Hashing is not encryption

1
Hashing is not encryption

In a job interview years ago, the interviewer asked me to explain the difference between encryption, encoding, and hashing. At the time I was working for a company that specialized in encryption, so I took knowing the difference for granted.

It wasn’t until much later that I understood how easily most folks can confuse the three topics for one another. Let’s take a look at each in turn.

Encoding

Encoding is the practice of taking data in one format and converting it to another. There are no secrets involved – the specifications for each format are public, well-documented, and easily implemented everywhere.

The content of this article is rendered in your browser as either ASCII or UTF-8. What that means is the ones and zeros representing are interpreted in a specific way that converts them into English characters.

The text “Hi, folks!” is nothing more than ones and zeros, interpreted as ASCII and converted into readable text. You could just as easily encode this data as hex, which would instead be the string “48 69 2C 20 66 6F 6C 6B 73 21.”

These are completely interchangeable. There’s nothing special or magic about encoding, it’s merely a way to interpret and present the underlying, raw data.

Encryption

With encryption, everything changes. Encryption requires a secret (a key, password, or passphrase) that is used to convert usable data into something indistinguishable from random noise. Given an encrypted message, you can only decrypt it if you have the original secret.

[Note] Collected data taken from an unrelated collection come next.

Lemma pfunT_logconcave : logconcave pfunT.
Proof.
move=> a b ab; have pfunT_ge0 n : 0 <= pfunT n.
  exact: le_trans (pfun_ge0 x_gt0 [::] n) (pfun_le_pfunT _ _).
have C_ge0 := mulr_ge0 (pfunT_ge0 a.+1) (pfunT_ge0 b).
(* Both factors are compared within the union of the two mode sets; the
   suprema over s1 and s2 are then taken one at a time. *)
have cross s1 s2 : uniq s1 -> uniq s2 ->
    pfun x s1 a * pfun x s2 b.+1 <= pfunT a.+1 * pfunT b.
  move=> s1_uniq s2_uniq; set s := undup (s1 ++ s2).
  have s_uniq : uniq s := undup_uniq _.
  have le_s s' n : {subset s' <= s1 ++ s2} -> uniq s' -> pfun x s' n <= pfun x s n.
    by move=> s'_sub s'_uniq; apply: pfun_subset => // c /s'_sub; rewrite mem_undup.
  apply: le_trans (ler_pM (pfun_ge0 x_gt0 _ _) (pfun_ge0 x_gt0 _ _)
    (le_s s1 a _ s1_uniq) (le_s s2 b.+1 _ s2_uniq)) _.
  - by move=> c cs1; rewrite mem_cat cs1.
  - by move=> c cs2; rewrite mem_cat cs2 orbT.
  apply: le_trans (pfun_logconcave x_gt0 s ab) _.
  by rewrite ler_pM ?pfun_ge0 ?pfun_le_pfunT.
rewrite mulrC; apply: pfunT_mulr_le => // s2 s2_uniq.
rewrite mulrC; apply: pfunT_mulr_le => // [|s1 s1_uniq]; first exact: pfun_ge0.
exact: cross.
Qed.

Lemma pfunT0 : pfunT 0 = 1.
Proof. by rewrite /pfunT msum0 ?mweight0 ?mweight_ge0. Qed.

Variable k : T.

Lemma msum_predD1 n : msum (predD1 predT k) n.+1 (mweight x) =
  (pfunT n.+1 - x k * pfunT n)%:E.
Proof.
have := msum_pfunT n.+1; rewrite (msum_split _ (isT : predT k)) => [|m]; last first.
  exact: mweight_ge0.
under eq_fun do rewrite mweight1D.
rewrite msumZl ?msum_pfunT ?ltW // => [|m]; last exact: mweight_ge0.
have : (msum (predD1 predT k) n.+1 (mweight x) \is a fin_num)%E.
  rewrite ge0_fin_numE ?msum_ge0 // => [|m]; last exact: mweight_ge0.
  apply: le_lt_trans (ltry (pfunT n.+1)); rewrite -msum_pfunT.
  exact: le_msum_pred.
move=> /fineK <-; set u := fine _ => u_eq.
have <- : u + x k * pfunT n = pfunT n.+1 by apply: EFin_inj; exact: u_eq.
by rewrite addrK.
Qed.

Lemma msum_occupationS f n : (forall j, 0 <= f j) ->
  msum predT n.+1 (fun m => f (m k) * mweight x m) =
  ((f 0%N * (pfunT n.+1 - x k * pfunT n))%:E +
   (x k)%:E * msum predT n (fun m => (f (m k).+1 * mweight x m)%R))%E.
Proof.
move=> f_ge0; have G_ge0 m : 0 <= f (m k) * mweight x m by rewrite mulr_ge0 ?mweight_ge0.
rewrite (msum_split _ (isT : predT k)) //; congr (_ + _)%E.
  rewrite EFinM -msum_predD1 -msumZl // => [|m]; last exact: mweight_ge0.
  apply: eq_msum_in => m [_ m_notin]; congr (f _ * _); apply/eqP.
  by rewrite mset_eq0; apply/negP => /(allP m_notin); rewrite /= eqxx.
rewrite -msumZl ?ltW // => [|m]; last by rewrite mulr_ge0 ?mweight_ge0.
by apply: eq_msum_in => m _; rewrite mweight1D mset1DE eqxx add1n mulrCA.
Qed.

Lemma msum_occupation f n : (forall j, 0 <= f j) ->
  msum predT n (fun m => f (m k) * mweight x m) =
  (tail_mean pfunT (x k) f n * pfunT n)%:E.
Proof.
elim: n f => [|n IH] f f_ge0.
  rewrite msum0 ?mulr_ge0 ?mweight_ge0 // (tail_meanMz _ (pfunT_gt0 k)) big_ord0.
  by rewrite mweight0 mset0E pfunT0 addr0.
rewrite msum_occupationS // (IH (fun j => f j.+1)) // -!EFinM -EFinD.
rewrite !(tail_meanMz _ (pfunT_gt0 k)); congr (_%:E).
rewrite [in RHS]big_ord_recl subSS subn0 [x k * (_ + _)]mulrDr mulr_sumr.
set S := \sum_(i < n) (f (lift ord0 i).+1 - _) * _ * _.
have -> : S = \sum_(i < n) x k * ((f i.+2 - f i.+1) * x k ^+ i.+1 * pfunT (n - i.+1)).
  by apply: eq_bigr => i _; rewrite lift0 subSS exprS; ring.
rewrite /= expr1; ring.
Qed.

End SummableWeights.

Section Modes.
Variables (R : realType) (a1 a2 a3 V beta : R).
Hypotheses (V_gt0 : 0 < V) (beta_gt0 : 0 < beta).

Let x k := expR (- beta * eigE a1 a2 a3 V k).
Let r t := expR (- beta * (pi ^+ 2 / 2) * V `^ (- (2 * t))).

Unlike with encoding, an encrypted message, like the base64-encoded text “lqNBja38qFHnITloKNzdVg==,” is entirely useless. There is no way you can get from an encrypted message back to the plain text original, even if you know the algorithm used, without the password.

If, however, you know this message used AES for encryption. And you know it used “thisisasecret” as the password. Then you can properly decrypt the message and read “Hi, folks!” yet again.

Hashing

Anyone who’s spent any period of time working with encryption has likely used a hashing algorithm as well. Hashes look somewhat like encrypted messages. The underlying algorithms take a piece of plain text and convert it (with or without a key) into something indistinguishable from random noise.

Unlike encryption, there is no way back from a hash.

These algorithms are one-way. Even if you know the algorithm and any secret keys involved, there is no way to un-hash a string. It’s an entirely destructive operation.

Remembering the difference

The easiest way to remember how these topics differ is with a simple mental model.

Encoding is a way of translating between different formats. Like converting a Spanish recipe for cake into English.

Encryption is a way of protecting data behind a secret. Like sealing a box of chocolate in a locked safe so your kids don’t find it.

Hashing is a way of permanently converting from one recognizable thing to something uniform and simple. Like grinding a cow into a hamburger – you can always make a burger, but you can never put the cow back together again.

These are rough analogies, but they should help the next time you’re faced with the same interview question.

Join the pack! Join 8000+ others registered users, and get chat, make groups, post updates and make friends around the world!
www.knowasiak.com/register/
Read More

Leave a Reply

2 thoughts on “Hashing is not encryption

  1. Aditya avatar

    I guess the other difference between encryption and hashing is that a hash function need not be one-to-one. Many inputs can result in the same hash, though hopefully it's hard to find collisions.

    So a hash function is allowed to destroy information, whereas it's pretty important that an encryption algorithm doesn't!

  2. Aditya avatar

    A cryptographic hash function H can be used for encryption though, by mimicking a one-time pad: Pick a random integer k, concatenate it with a secret s, hash the result obtaining H(s•k), XOR this with the plaintext yielding the ciphertext C and send the pair (k,C). Pick another integer if you need to encrypt more data.

    Decryption proceeds in the same way, mutatis mutandis. This is the basic idea behind one of the best currently used ciphers, ChaCha20: It builds on a hash function.

    From a regulatory and legal perspective, this means that if you want to ban strong encryption, you must ban cryptographic hash functions.